Maneka Gandhi. Photo: Hemant Mishra/Mint
Maneka Gandhi. Photo: Hemant Mishra/Mint

A fact check on Maneka Gandhi’s U-turn on marital rape

The latest round of NFHS-4 shows than even in wealthy states such as Tamil Nadu, about four out of every 10 married women experienced some form of spousal violence

Mumbai: A week ago, minister for women and child development Maneka Gandhi said that India cannot have a law to criminalise marital rape, citing various factors such as “level of education/illiteracy, poverty, myriad social customs and values, religious beliefs, mindset of the society to treat the marriage as a sacrament" and so on.

The minister’s stand is contrary to the recommendations of the UN Committee on Elimination of Discrimination against Women and the J.S. Verma Committee (formed after the December 2012 gangrape in Delhi).

Data shows that spousal violence is common in India. The latest round of the National Family Health Survey (NFHS-4) shows than even in wealthy states such as Tamil Nadu, about four out of every 10 married women experienced some form of spousal violence.

That married women have been facing domestic violence has been known for quite some time. NFHS-3 has data on marital rape as well. It shows that about one out of 10 married Indian women in the age group 15-49 years have been physically forced to have sex by their husbands.

About 27% have not faced sexual violence, but have faced physical violence. More than half of married women in 15-49 age-group reported injuries due to physical and sexual violence.

Data from Tamil Nadu, considered to be one of the more "progressive" states in India, highlights, marital rape and domestic violence have minimal links with factors such as poverty and literacy.

The World Bank data shows that the 70 countries that have laws explicitly criminalizing marital rapes span a spectrum of income and literacy. Of the 70, 22 are in Europe, 22 in Latin America and North America, 15 are in Asia and Australasia and 11 in Africa.

Veena Gowda, a woman’s rights lawyer, argues that poverty or illiteracy cannot be used as excuses for rape.

“Is Gandhi saying that rich people do not commit marital rape? Moreover, the Protection of Women from Domestic Violence Act, 2005, recognizes sexual assault by a husband as an offence. So it’s not a question of creating a new offence of marital rape, but merely removing the exception to marital rape that exists within Section 376 of the Indian Penal Code," she said.

Gandhi’s statement in Parliament also comes as a surprise given that she has in the past been vocal about criminalizing marital rape.

Even existing data suffers from under-reporting. A research paper by Ashish Gupta of the Research Institute for Compassionate Economics, titled ‘Reporting and Incidence of Violence Against Women in India’, examined this issue.

While NFHS-3 recorded 6,590 incidents (per 100,000 women in the age group 15-49 years) of sexual violence by husbands, NCRB recorded only 37.2 such instances per 100,000 women over a 12-month period.
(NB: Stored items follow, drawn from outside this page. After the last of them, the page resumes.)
Lemma spread_mass (R : realType) (T e : R) k : 0 <= T -> 0 < e ->
  exists c : nat -> R, [/\ forall i, 0 <= c i < e,
    forall i, (i < k)%N -> c i = 0 & (\sum_(0 <= i <oo) (c i)%:E)%E = T%:E].
Proof.
move=> T_ge0 e_gt0; set M := (Num.truncn (T / e)).+1.
have M_gt0 : 0 < M%:R :> R by rewrite ltr0n.
have TM_ge0 : 0 <= T / M%:R by rewrite divr_ge0 // ltW.
have TM_lt_e : T / M%:R < e.
  by rewrite ltr_pdivrMr // mulrC -ltr_pdivrMr //; exact: truncnS_gt.
exists (fun i => if (k <= i < k + M)%N then T / M%:R else 0); split.
- by move=> i; case: ifP; rewrite ?lexx ?e_gt0 ?TM_ge0 ?TM_lt_e.
- by move=> i lt_ik; rewrite leqNgt lt_ik.
rewrite (nneseries_split 0 (k + M)); last by move=> i _; case: ifP; rewrite lee_fin.
rewrite add0n eseries0 ?adde0 => [|i le_i _]; last by rewrite ltnNge le_i andbF.
rewrite sumEFin (big_cat_nat (leq0n k)) ?leq_addr //= big_nat_cond big1 ?add0r.
  rewrite (eq_big_nat _ _ (F2 := fun=> T / M%:R)) => [|i /andP[-> ->]//].
  by rewrite sumr_const_nat addKn -[_ *+ M]mulr_natr divfK // gt_eqF.
by move=> i /andP[/andP[_ lt_ik] _]; rewrite leqNgt lt_ik.
Qed.

Lemma fill_to_probability (R : realType) (b : nat -> R) (e : R) k :
  (forall i, 0 <= b i) -> (\sum_(0 <= i <oo) (b i)%:E <= 1)%E -> 0 < e ->
  exists w : nat -> R, [/\ forall i, b i <= w i < b i + e,
    forall i, (i < k)%N -> w i = b i & (\sum_(0 <= i <oo) (w i)%:E)%E = 1%E].
Proof.
move=> b_ge0 b_sum_le1 e_gt0.
set Sb := (\sum_(0 <= i <oo) (b i)%:E)%E in b_sum_le1 *.
have Sb_ge0 : (0 <= Sb)%E by apply: nneseries_ge0 => i _ _; rewrite lee_fin.
have Sb_fin : Sb \is a fin_num by rewrite ge0_fin_numE // (le_lt_trans b_sum_le1) ?ltry.
have gap_ge0 : 0 <= 1 - fine Sb by rewrite subr_ge0 -lee_fin fineK.
have [c [c_bounds c_eq0 c_sum]] := spread_mass k gap_ge0 e_gt0.
exists (fun i => b i + c i); split.
- by move=> i; have /andP[c_ge0 c_lt] := c_bounds i; rewrite lerDl c_ge0 ltrD2l c_lt.
- by move=> i /c_eq0 ->; rewrite addr0.
under eq_eseriesr do rewrite EFinD.
rewrite nneseriesD => [|i _ _|i _ _].
- by rewrite -/Sb c_sum -(fineK Sb_fin) -EFinD addrC subrK.
- by rewrite lee_fin; exact: b_ge0.
- by rewrite lee_fin; have /andP[] := c_bounds i.
Qed.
Thus, the reportage of spousal sexual violence as a percentage of total such incidents only amounts to 0.6%.

In terms of absolute numbers, using Census 2011 data on population of women aged 15-49 years, the total number of Indian women who have survived sexual violence by husbands stands at 20 million, a number as big as the entire population of Sri Lanka.

The actual number, though, is likely to be higher as this count includes women only in the age group 15 to 49 years. Moreover, Gupta’s paper also includes anecdotes from NFHS surveyors who responded that many were silent or uncomfortable about answering questions on sexual violence.

Some even broke down, but still refused to say if they had been violated physically or sexually. Moreover, as Chart 3 shows, the chances of facing physical or sexual violence increases with the duration of marriage.

What all this data—and Gupta’s analysis, in particular—points out is that the incidence of marital rape is much more common and less reported.

The number of women who survived sexual violence at the hands of their husbands was 40 times more than the number of women who faced sexual violence by others. While legal redress exists for rape outside of marriage, and as was seen in the aftermath of the December 2012 gangrape, there is little succor for women facing rape within the four walls of their home.

Vrinda Grover, a lawyer and human rights activist, argues that by not criminalizing marital rape, the state is sending out the message that upon marriage, the husband’s control and dominion over the woman’s body is absolute.

“The Protection of Women from Domestic Violence Act, 2005, can only offer a civil remedy to the problem of sexual violence. In not criminalizing marital rape, the legislature has abdicated its duty toward married women, and is effectively saying that marriage and family trump women’s rights. Marital rape is an issue that can’t be socially discussed easily by victims. The victim needs the agency of the law and the courts for redress," she argues.